Records from a data collection
_ _ _ _ _ _ _

(* For a commutative ring $R$ the following are equivalent: (i) $R$ is a GPP-ring; (ii) $R$ is a GPF-ring and $T(R)$ is zero-dimensional; (iii) $T(R)$ is zero-dimensional and for every multiplicative subset $S\subseteq R$ and every idempotent $x\in S^{-1}R$ there is an idempotent $e\in R$ with $e/1=x$; (iv) $T(R)$ is zero-dimensional and for every idempotent $x\in T(R)$ there is an idempotent $e\in R$ with $e/1=x$.
   Context: A commutative ring $A$ is a GPP-ring (resp. GPF-ring) if for each $f\in A$ there exists $n\geq 1$ such that $Af^n$ is a projective (resp. flat) $A$-module. $T(R)$ denotes the total ring of fractions of $R$ (localization at the set of non-zero-divisors). Zero-dimensional means Krull dimension $0$. *)

From HB Require Import structures.
From mathcomp Require Import all_boot all_order all_algebra.
Set Implicit Arguments. Unset Strict Implicit. Unset Printing Implicit Defensive.
Import GRing.Theory.
Local Open Scope ring_scope.

Section Defs.
Variable R : comPzRingType.

Definition princ_pow (f : R) (n : nat) (x : R) : Prop := exists a : R, x = a * f ^+ n.

(* An R-linear map from the submodule I of R (given by a predicate) into M:
   only its values on I matter. *)
Definition hom_on (I : R -> Prop) (M : lmodType R) (phi : R -> M) : Prop :=
  (forall x y, I x -> I y -> phi (x + y) = phi x + phi y) /\
  (forall a x, I x -> phi (a * x) = a *: phi x).

Definition projective_ideal (I : R -> Prop) : Prop :=
  forall (M N : lmodType R) (g : {linear M -> N}),
    (forall y : N, exists x : M, g x = y) ->
    forall phi : R -> N, hom_on I phi ->
    exists psi : R -> M, hom_on I psi /\ forall x, I x -> g (psi x) = phi x.

(* Flatness of the submodule I of R, via the equational criterion
   (Bourbaki / Lazard; definition used e.g. by Lombardi-Quitte):
   every relation in I is trivial. *)
Definition flat_ideal (I : R -> Prop) : Prop :=
  forall (r : nat) (a x : 'I_r -> R),
    (forall i, I (x i)) -> \sum_(i < r) a i * x i = 0 ->
    exists (s : nat) (y : 'I_s -> R) (b : 'I_r -> 'I_s -> R),
      (forall j, I (y j)) /\
      (forall i, x i = \sum_(j < s) b i j * y j) /\
      (forall j, \sum_(i < r) a i * b i j = 0).

Definition GPP_ring : Prop :=
  forall f : R, exists n : nat, (1 <= n)%N /\ projective_ideal (princ_pow f n).

Definition GPF_ring : Prop :=
  forall f : R, exists n : nat, (1 <= n)%N /\ flat_ideal (princ_pow f n).

Definition mult_subset (S : R -> Prop) : Prop :=
  S 1 /\ forall a b, S a -> S b -> S (a * b).

Definition nzd (s : R) : Prop := forall x : R, s * x = 0 -> x = 0.

(* ---- The localization S^{-1}R, presented by fractions (r, s) with s in S ---- *)
Definition frac := (R * R)%type.
Definition valid (S : R -> Prop) (p : frac) : Prop := S p.2.
Definition loc_eq (S : R -> Prop) (p q : frac) : Prop :=
  exists u, S u /\ u * (p.1 * q.2 - q.1 * p.2) = 0.
Definition fadd (p q : frac) : frac := (p.1 * q.2 + q.1 * p.2, p.2 * q.2).
Definition fmul (p q : frac) : frac := (p.1 * q.1, p.2 * q.2).
Definition fone : frac := (1, 1).
Definition fzero : frac := (0, 1).
Definition fcan (r : R) : frac := (r, 1).

Definition loc_idem (S : R -> Prop) (p : frac) : Prop := loc_eq S (fmul p p) p.

(* Ideals of S^{-1}R, described as (well-defined) predicates on fractions. *)
Definition loc_ideal (S : R -> Prop) (I : frac -> Prop) : Prop :=
  (forall p q, valid S p -> valid S q -> loc_eq S p q -> I p -> I q) /\
  I fzero /\
  (forall p q, valid S p -> valid S q -> I p -> I q -> I (fadd p q)) /\
  (forall p q, valid S p -> valid S q -> I q -> I (fmul p q)).

Definition loc_prime (S : R -> Prop) (P : frac -> Prop) : Prop :=
  loc_ideal S P /\ ~ P fone /\
  forall p q, valid S p -> valid S q -> P (fmul p q) -> P p \/ P q.

Definition loc_maximal (S : R -> Prop) (P : frac -> Prop) : Prop :=
  loc_ideal S P /\ ~ P fone /\
  forall J, loc_ideal S J -> (forall p, valid S p -> P p -> J p) ->
    J fone \/ (forall p, valid S p -> J p -> P p).

Definition loc_zero_dim (S : R -> Prop) : Prop :=
  forall P, loc_prime S P -> loc_maximal S P.

Definition idem_lift (S : R -> Prop) : Prop :=
  forall p, valid S p -> loc_idem S p ->
    exists e : R, e * e = e /\ loc_eq S (fcan e) p.

End Defs.

(* R c is projective exactly when Ann(c) = R e for an idempotent e, so R is a
   GPP-ring iff every f has a power f^n whose annihilator is generated by an
   idempotent.  T(R) (more generally S^-1 R) is zero-dimensional iff every a is
   pi-regular there, i.e. t a^n = c a^(n+1) with t in S; the hard direction uses
   a prime of R avoiding the multiplicative set of all a^n (t - a c).
   Pi-regularity gives, for large N, some z with z f^N = 0 and z + w f^N a
   non-zero-divisor; an idempotent generator of Ann(f^N) is then produced either
   by flatness of R f^N applied to the relation z f^N = 0, or by lifting the
   idempotent w f^N / (z + w f^N) of T(R).  Conversely, an idempotent r/s of
   S^-1 R splits u s s into the orthogonal elements u s r and u s (s - r), and
   1 - e, where Ann((u s r)^n) = R e, lifts r/s. *)

From HB Require Import structures.
From mathcomp Require Import all_boot all_order all_algebra ring.
From mathcomp Require Import boolp classical_sets.
Set Implicit Arguments. Unset Strict Implicit. Unset Printing Implicit Defensive.
Import GRing.Theory.
Local Open Scope ring_scope.

Section PrincipalIdealModule.
Variables (R : comPzRingType) (c : R).

Definition principal_mem : {pred R^o} := fun x => `[< exists a, x = a * c >].

Lemma principal_memP x : reflect (exists a, x = a * c) (x \in principal_mem).
Proof. exact: asboolP. Qed.

Lemma principal_subsemimod_closed : subsemimod_closed principal_mem.
Proof.
split; first split.
- by apply/principal_memP; exists 0; rewrite mul0r.
- move=> _ _ /principal_memP[a ->] /principal_memP[b ->].
  by apply/principal_memP; exists (a + b); rewrite mulrDl.
- move=> r _ /principal_memP[a ->].
  by apply/principal_memP; exists (r * a); rewrite -mulrA.
Qed.

HB.instance Definition _ :=
  GRing.isSubmodClosed.Build R R^o principal_mem principal_subsemimod_closed.

Record principal := Principal { principal_val : R^o; _ : principal_val \in principal_mem }.
HB.instance Definition _ := [isSub for principal_val].
HB.instance Definition _ := [Choice of principal by <:].
HB.instance Definition _ := [SubChoice_isSubLmodule of principal by <:].

Definition principal_gen (a : R^o) : principal :=
  Principal (introT (principal_memP _) (ex_intro _ a erefl)).
Lemma principal_gen_linear : linear principal_gen.
Proof. by move=> r a b; apply: val_inj; rewrite /= mulrDl -mulrA. Qed.

HB.instance Definition _ :=
  GRing.isLinear.Build R R^o principal *:%R principal_gen principal_gen_linear.

End PrincipalIdealModule.

Lemma mult_subsetX (R : comPzRingType) (S : R -> Prop) s n :
  mult_subset S -> S s -> S (s ^+ n).
Proof.
by move=> [S1 SM] Ss; elim: n => [|n IHn]; rewrite ?expr0 // exprS; apply: SM.
Qed.

Section NonZeroDivisors.
Variable R : comPzRingType.

Lemma mult_subset_nzd : mult_subset (@nzd R).
Proof. by split=> [x|s t sn tn x]; rewrite ?mul1r // -mulrA => /sn /tn. Qed.

Lemma nzdX (s : R) n : nzd s -> nzd (s ^+ n).
Proof. exact: mult_subsetX mult_subset_nzd. Qed.

Lemma loc_eq_nzdP (p q : frac R) : loc_eq (@nzd R) p q <-> p.1 * q.2 = q.1 * p.2.
Proof.
split=> [[u [un /un /eqP]]|pq]; first by rewrite subr_eq0 => /eqP.
by exists 1; split; [case: mult_subset_nzd | rewrite pq subrr mulr0].
Qed.

End NonZeroDivisors.

Section AnnihilatorIdempotent.
Variable R : comPzRingType.
Implicit Types a b c e g x : R.

Definition ann_idem c e := [/\ e * e = e, e * c = 0 & forall a, a * c = 0 -> a * e = a].

Lemma ann_idem_complement c g :
  g * c = c -> (forall a, a * c = 0 -> a * g = 0) -> ann_idem c (1 - g).
Proof.
move=> gc ann_g; have gc0 : (1 - g) * c = 0 by rewrite mulrBl mul1r gc subrr.
by split=> // [|a ac]; rewrite mulrBr mulr1 ann_g // subr0.
Qed.

Lemma projective_ann_idem c :
  projective_ideal (fun x => exists a, x = a * c) -> exists e, ann_idem c e.
Proof.
move=> projc.
have gen_onto (y : principal c) : exists a : R^o, principal_gen c a = y.
  case: y => y yc; case/principal_memP: (yc) => a ya.
  by exists a; apply: val_inj; rewrite /= ya.
pose phi x : principal c := insubd 0 x.
have phiK x : (exists a, x = a * c) -> val (phi x) = x.
  by move=> cx; rewrite val_insubd ifT //; apply/principal_memP.
have phi_hom : hom_on (fun x => exists a, x = a * c) phi.
  split=> [x y cx cy | r x cx]; apply: val_inj.
  - rewrite raddfD /= !phiK //; case: cx cy => [a ->] [b ->].
    by exists (a + b); rewrite mulrDl.
  - rewrite linearZ /= !phiK //; case: cx => [a ->].
    by exists (r * a); rewrite mulrA.
have [psi [[_ psiZ] psiK]] := projc _ _ (principal_gen c) gen_onto phi phi_hom.
have cc : exists a, c = a * c by exists 1; rewrite mul1r.
have psi0 : psi 0 = 0 by have := psiZ 0 c cc; rewrite mul0r scale0r.
exists (1 - psi c); apply: ann_idem_complement.
- by have := congr1 val (psiK c cc); rewrite phiK.
- by move=> a ac; have := psiZ a c cc; rewrite ac psi0 => /esym.
Qed.

Lemma ann_idem_projective c e :
  ann_idem c e -> projective_ideal (fun x => exists a, x = a * c).
Proof.
move=> [_ ec ann_e] M N g g_onto phi [_ phiZ].
have [m gm] := g_onto (phi c).
have lift_wd a b : a * c = b * c -> a * (1 - e) = b * (1 - e).
  move=> abc; apply/eqP; rewrite -subr_eq0 -mulrBl mulrBr mulr1.
  by rewrite ann_e ?subrr // mulrBl abc subrr.
pose psi x : M :=
  if pselect (exists a, x = a * c) is left cx then (projT1 (cid cx) * (1 - e)) *: m else 0.
have psiE a : psi (a * c) = (a * (1 - e)) *: m.
  rewrite /psi; case: pselect => [cx|[]]; last by exists a.
  by case: (cid cx) => b /= /lift_wd ->.
exists psi; split; first split.
- by move=> _ _ [a ->] [b ->]; rewrite -mulrDl !psiE mulrDl scalerDl.
- by move=> r _ [a ->]; rewrite mulrA !psiE scalerA mulrA.
- move=> _ [a ->]; rewrite psiE linearZ /= gm -phiZ; last by exists 1; rewrite mul1r.
  by rewrite -mulrA mulrBl mul1r ec subr0.
Qed.

Lemma projective_principalP c :
  projective_ideal (fun x => exists a, x = a * c) <-> exists e, ann_idem c e.
Proof. by split=> [/projective_ann_idem | [e /ann_idem_projective]]. Qed.

Lemma ann_idem_flat c e : ann_idem c e -> flat_ideal (fun x => exists a, x = a * c).
Proof.
move=> [_ ec ann_e] r a x /choice[d xE] sum0.
exists 1%N, (fun _ => c), (fun i _ => d i * (1 - e)); split; last split.
- by move=> _; exists 1; rewrite mul1r.
- by move=> i; rewrite big_ord1 xE -mulrA mulrBl mul1r ec subr0.
- move=> _; have ad0 : (\sum_(i < r) a i * d i) * c = 0.
    by rewrite -[RHS]sum0 mulr_suml; apply: eq_bigr => i _; rewrite xE mulrA.
  under eq_bigr do rewrite mulrA; rewrite -mulr_suml.
  by rewrite mulrBr mulr1 ann_e // subrr.
Qed.

Definition ann_add_nzd c := exists z w, z * c = 0 /\ nzd (z + w * c).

_ _ _ _ _ _ _

What lines hold the string "valid"? Pick them out of the data.

Definition valid (S : R -> Prop) (p : frac) : Prop := S p.2.
  (forall p q, valid S p -> valid S q -> loc_eq S p q -> I p -> I q) /\
  (forall p q, valid S p -> valid S q -> I p -> I q -> I (fadd p q)) /\
  (forall p q, valid S p -> valid S q -> I q -> I (fmul p q)).
  forall p q, valid S p -> valid S q -> P (fmul p q) -> P p \/ P q.
  forall J, loc_ideal S J -> (forall p, valid S p -> P p -> J p) ->
    J fone \/ (forall p, valid S p -> J p -> P p).
  forall p, valid S p -> loc_idem S p ->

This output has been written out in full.